Das OLG Hamm hat in einem Prozesskostenhilfeverfahren entschieden, dass die Mutter eines durch Samenspende gezeugten Kindes dem Samenspender auf Verlangen Auskunft über die persönlichen Verhältnisse das Kind geben muss, weil der Samenspender  ein berechtigtes Interesse an der Auskunft habe und diese dem Kindeswohl nicht widerspreche. Es sei zwar nicht zu verkennen, dass der Samenspender die Mutter und auch andere Mütter seiner Kinder belästige, wie die im Verfahren vorgelegten Emails bezeugten. Dabei wähle er den Frauen gegenüber auch vulgäre und die Grenze einer Strafbarkeit überschreitende beleidigende Äußerungen.
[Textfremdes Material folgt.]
(* Let $K$ be a cubical complex with $H^1(K;\mathbb{Z}/2\mathbb{Z})=0$. Then $K$ has a bicoloring.
   Context: A cubical poset is a poset $P$ in which every order ideal $\{z\in P: z\le x\}$ is isomorphic to a product of copies of $I$, where $I$ is the three-element face poset of an interval with the empty face excluded (two incomparable endpoints below a single maximum). A cubical complex is a (regular) cell complex whose face poset $P$ (excluding the empty face) is a cubical poset such that $P$ with a minimum and a maximum element adjoined is a lattice. A bicoloring of a complex is an assignment of one of two colors to each vertex such that every edge has one endpoint of each color (i.e., the 1-skeleton is bipartite with respect to the coloring). *)

From HB Require Import structures.
From mathcomp Require Import all_boot all_order.
Set Implicit Arguments. Unset Strict Implicit. Unset Printing Implicit Defensive.
Import Order.Theory.
Local Open Scope order_scope.

(* The three-element poset I: [Some b] are the two endpoints, [None] the maximum. *)
Definition leI (a b : option bool) : bool := (a == b) || (b == None).

Definition cube (n : nat) := {ffun 'I_n -> option bool}.
Definition lecube (n : nat) (a b : cube n) : bool := [forall i, leI (a i) (b i)].

Section Cubical.
Context {d : Order.disp_t} {P : finPOrderType d}.

(* [cell_dim x n]: the order ideal {z | z <= x} is isomorphic (as a poset) to I^n. *)
Definition cell_dim (x : P) (n : nat) : bool :=
  [exists f : {ffun cube n -> P},
    [&& injectiveb f,
        [forall a : cube n, forall b : cube n, lecube a b == (f a <= f b)]
      & [forall z : P, (z <= x) == (z \in codom f)]]].

Definition cubical_poset : Prop := forall x : P, exists n, cell_dim x n.

Inductive hat := Bot | Elt of P | Top.
Definition leh (a b : hat) : Prop :=
  match a, b with
  | Bot, _ => True
  | _, Top => True
  | Elt x, Elt y => x <= y
  | _, _ => False
  end.
Definition hat_is_lattice : Prop :=
  forall a b : hat,
    (exists j, [/\ leh a j, leh b j & forall c, leh a c -> leh b c -> leh j c]) /\
    (exists m, [/\ leh m a, leh m b & forall c, leh c a -> leh c b -> leh c m]).

(* Face poset of a (finite, regular) cubical complex. *)
Definition cubical_complex : Prop := cubical_poset /\ hat_is_lattice.

(* Cellular cochains with Z/2 coefficients (Z/2 = bool with xor).  For a regular
   cell complex the incidence number [s : t] is +-1 exactly when t is a facet of s,
   so mod 2 the coboundary of a k-cochain f at a (k+1)-cell s is the sum of f
   over the k-dimensional faces of s. *)
Definition coboundary (k : nat) (f : P -> bool) (s : P) : bool :=
  \big[addb/false]_(t | (t < s) && cell_dim t k) f t.

Definition H1_Z2_trivial : Prop :=
  forall f : P -> bool,
    (forall s, cell_dim s 2 -> coboundary 1 f s = false) ->
    exists g : P -> bool, forall e, cell_dim e 1 -> f e = coboundary 0 g e.

Definition bicoloring (c : P -> bool) : Prop :=
  forall e u v : P, cell_dim e 1 -> cell_dim u 0 -> cell_dim v 0 ->
    u < e -> v < e -> u != v -> c u != c v.

End Cubical.

(* The constant 1-cochain [fun=> true] is a cocycle, because every square has
   four edges.  As H^1(K; Z/2) = 0 it is the coboundary of a 0-cochain g, so
   g u + g v = 1 for the two endpoints u, v of every edge: g is a bicoloring.
   The face counts come from the isomorphism between I^n and the ideal below an
   n-cell: its k-faces are the points of I^n with exactly k coordinates at the
   top of I, of which there are C(n, k) 2^(n-k). *)

From mathcomp Require Import all_boot all_order.
Set Implicit Arguments. Unset Strict Implicit. Unset Printing Implicit Defensive.
Import Order.Theory.

Lemma card_leI (y : option bool) : #|[pred x | leI x y]| = if y is None then 3 else 1.
Proof.
case: y => [b|].
  by rewrite -(card1 (Some b)); apply: eq_card => x; rewrite !inE /leI; case: x.
transitivity #|{: option bool}|; last by rewrite card_option card_bool.
by apply: eq_card => x; rewrite !inE /leI orbT.
Qed.

Definition cube_top n : cube n := [ffun _ => None].

Definition cube_support n (a : cube n) : {set 'I_n} := [set i | a i == None].
Definition cube_dim n (a : cube n) : nat := #|cube_support a|.

Lemma card_family_prod (aT rT : finType) (F : aT -> pred rT) :
  #|(family F : simpl_pred {ffun aT -> rT})| = \prod_i #|F i|.
Proof. by rewrite card_family foldrE big_map big_enum. Qed.

Lemma card_lecube n (a : cube n) : #|[pred b | lecube b a]| = 3 ^ cube_dim a.
Proof.
rewrite -prod_nat_const big_mkcond.
rewrite -[LHS](@eq_card _ (family (fun i => [pred x | leI x (a i)]))); last first.
  by move=> b; rewrite !inE.
rewrite card_family_prod; apply: eq_bigr => i _; rewrite card_leI inE.
by case: (a i).
Qed.

Lemma card_cube_support n (S : {set 'I_n}) :
  #|[pred a : cube n | cube_support a == S]| = 2 ^ (n - #|S|).
Proof.
rewrite -(@eq_card _ (family (fun i => [pred x | (x == None) == (i \in S)]))); last first.
  move=> a; rewrite !inE; apply/forallP/eqP => [supp_a | <- i].
    by apply/setP => i; have := supp_a i; rewrite !inE => /eqP.
  by rewrite !inE.
have -> : n - #|S| = #|~: S| by rewrite -[n in n - _](card_ord n) -(cardsC S) addKn.
rewrite card_family_prod -prod_nat_const.
rewrite [RHS]big_mkcond; apply: eq_bigr => i _; rewrite inE.
case: (i \in S).
  by rewrite -(card1 (None : option bool)); apply: eq_card => x; rewrite !inE eqb_id.
transitivity #|predC1 (None : option bool)|; last by rewrite cardC1 card_option card_bool.
by apply: eq_card => x; rewrite !inE eqbF_neg.
Qed.

Lemma card_cube_dim n k : #|[pred a : cube n | cube_dim a == k]| = 'C(n, k) * 2 ^ (n - k).
Proof.
rewrite -sum1_card (partition_big (@cube_support n) [pred S : {set 'I_n} | #|S| == k]) //=.
rewrite -[n in 'C(n, _)](card_ord n) -card_draws -sum_nat_const.
apply: eq_big => [S | S /eqP <-]; first by rewrite inE.
rewrite sum1_card -card_cube_support; apply: eq_card => a.
by rewrite unfold_in inE andb_idl // => /eqP <-.
Qed.

Lemma cube_dim_top n : cube_dim (cube_top n) = n.
Proof.
by rewrite /cube_dim -[RHS](card_ord n); apply: eq_card => i; rewrite !inE ffunE.
Qed.

Lemma lecube_top_eq n (a : cube n) : lecube (cube_top n) a -> a = cube_top n.
Proof.
move=> /forallP le_top_a; apply/ffunP => i.
by move: (le_top_a i); rewrite /leI !ffunE; case: (a i).
Qed.

Section CubicalPoset.
Context {d : Order.disp_t} {P : finPOrderType d}.
Local Open Scope order_scope.

Lemma cell_dimP (x : P) n : cell_dim x n ->
  exists f : cube n -> P, [/\ injective f, forall a b, lecube a b = (f a <= f b)
                            & forall z, (z <= x) = (z \in codom f)].
Proof.
case/existsP => f /and3P [/injectiveP f_inj /forallP f_mono /forallP f_onto].
exists f; split=> // [a b | z]; last exact/eqP/f_onto.
by have /forallP/(_ b)/eqP := f_mono a.
Qed.

Lemma card_cell (x : P) n : cell_dim x n -> #|[pred z | z <= x]| = 3 ^ n.
Proof.
case/cell_dimP => f [f_inj _ f_onto].
by rewrite (eq_card f_onto) (card_codom f_inj) card_ffun card_option card_bool card_ord.
Qed.

Hypothesis cub : @cubical_poset d P.

Lemma cell_dimE (x : P) k : cell_dim x k = (#|[pred z | z <= x]| == 3 ^ k).
Proof.
apply/idP/eqP => [|card_x]; first exact: card_cell.
by have [n x_n] := cub x; move: (card_cell x_n); rewrite card_x => /expnI ->.
Qed.

Section CellChart.
Variables (s : P) (n : nat) (f : cube n -> P).
Hypotheses (f_inj : injective f) (f_mono : forall a b, lecube a b = (f a <= f b))
  (f_onto : forall z, (z <= s) = (z \in codom f)).

Lemma chart_le_cell a : f a <= s.
Proof. by rewrite f_onto codom_f. Qed.

Lemma chart_top : s = f (cube_top n).
Proof.
have /codomP [a s_a] : s \in codom f by rewrite -f_onto.
by rewrite s_a; congr f; apply: lecube_top_eq; rewrite f_mono -s_a chart_le_cell.
Qed.

Lemma card_chart_ideal a : #|[pred z | z <= f a]| = 3 ^ cube_dim a.
Proof.
rewrite -card_lecube -(card_image f_inj); apply: eq_card => z /=.
apply/idP/imageP => [z_le | [b /= b_le ->]]; last by move: b_le; rewrite !inE f_mono.
have /codomP [b z_b] : z \in codom f by rewrite -f_onto (le_trans z_le (chart_le_cell a)).
by exists b; rewrite // inE f_mono -z_b.
Qed.

Lemma chart_cell_dim a k : cell_dim (f a) k = (cube_dim a == k).
Proof. by rewrite cell_dimE card_chart_ideal eqn_exp2l. Qed.

End CellChart.

Lemma card_faces (s : P) n k : cell_dim s n -> (k < n)%N ->
  #|[pred t | (t < s) && cell_dim t k]| = 'C(n, k) * 2 ^ (n - k).
Proof.
case/cell_dimP => f [f_inj f_mono f_onto] lt_kn.
rewrite -card_cube_dim -(card_image f_inj); apply: eq_card => t /=.
apply/andP/imageP => [[t_lt t_k] | [a /[!inE] a_k ->]].
  have /codomP [a ta] : t \in codom f by rewrite -f_onto ltW.
  by exists a; rewrite // inE -(chart_cell_dim f_inj f_mono f_onto) -ta.
rewrite (chart_cell_dim f_inj f_mono f_onto) a_k.
rewrite lt_def (chart_le_cell f_onto) (chart_top f_mono f_onto) (inj_eq f_inj) andbT.
by split=> //; apply: contraTneq a_k => <-; rewrite cube_dim_top gtn_eqF.
Qed.

Lemma coboundary_true k (s : P) :
  coboundary k (fun=> true) s = odd #|[pred t | (t < s) && cell_dim t k]|.
Proof.
by rewrite /coboundary big_const; elim: #|_| => //= m ->.
Qed.

Lemma coboundary0_edge (g : P -> bool) (e u v : P) : cell_dim e 1 ->
  cell_dim u 0 -> cell_dim v 0 -> u < e -> v < e -> u != v ->
  coboundary 0 g e = g u (+) g v.
Proof.
move=> e_1 u_0 v_0 u_e v_e u_neq_v.
have vertices_e : [set u; v] =i [pred t | (t < e) && cell_dim t 0].
  apply/subset_cardP; first by rewrite cards2 u_neq_v (card_faces e_1).
  by apply/subsetP => t; rewrite !inE => /orP [] /eqP ->; apply/andP.
rewrite /coboundary (eq_bigl _ _ (fun t => esym (vertices_e t))).
by rewrite big_setU1 ?big_set1 ?inE.
Qed.

End CubicalPoset.

Theorem proposition2p1 (d : Order.disp_t) (P : finPOrderType d) :
  @cubical_complex d P -> @H1_Z2_trivial d P ->
  exists c : P -> bool, bicoloring c.
Proof.
move=> [cub _] H1.
have [|g dg] := H1 (fun=> true).
  by move=> s s_2; rewrite coboundary_true (card_faces cub s_2).
exists g => e u v e_1 u_0 v_0 u_e v_e u_neq_v.
have := dg e e_1; rewrite (coboundary0_edge cub g e_1 u_0 v_0 u_e v_e u_neq_v).
by case: (g u); case: (g v).
Qed.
Das beschriebene Verhalten des Samenspenders ändere aber nichts an seiner Vaterschaft und dem ihm grundsätzlich zustehenden Auskunftsanspruch. Die WAZ hat deshalb in ihren Bericht über diesen Beschluss gemeint: „Hunderten lesbischen Frauen, die Mütter werden, aber mit dem Samenspender nichts zu tun haben wollen, bereitet eine Erklärung des Oberlandesgerichts Hamm schlaflose Nächte“. Deshalb möchten wir Folgendes klarstellen:

In der Berichterstattung über den neuen Beschluss des OLG Hamm ist durchweg nicht erwähnt worden, dass der Samenspender seine Vaterschaft rechtlich hatte feststellen lassen und eine Stiefkindadoption abgelehnt hatte. Der Samenspender war also rechtlicher Vater des Kindes. Der Fall unterscheidet sich deshalb nicht von nichtehelichen Paaren mit Kindern, die nicht mehr zusammenleben und bei denen nur die Mutter das Sorgerecht hat. Für solche Fälle bestimmt § 1628 BGB, dass „jeder Elternteil … vom anderen Elternteil bei berechtigtem Interesse Auskunft über die persönlichen Verhältnisse des Kindes verlangen“ kann, „soweit dies dem Wohl des Kindes nicht widerspricht“.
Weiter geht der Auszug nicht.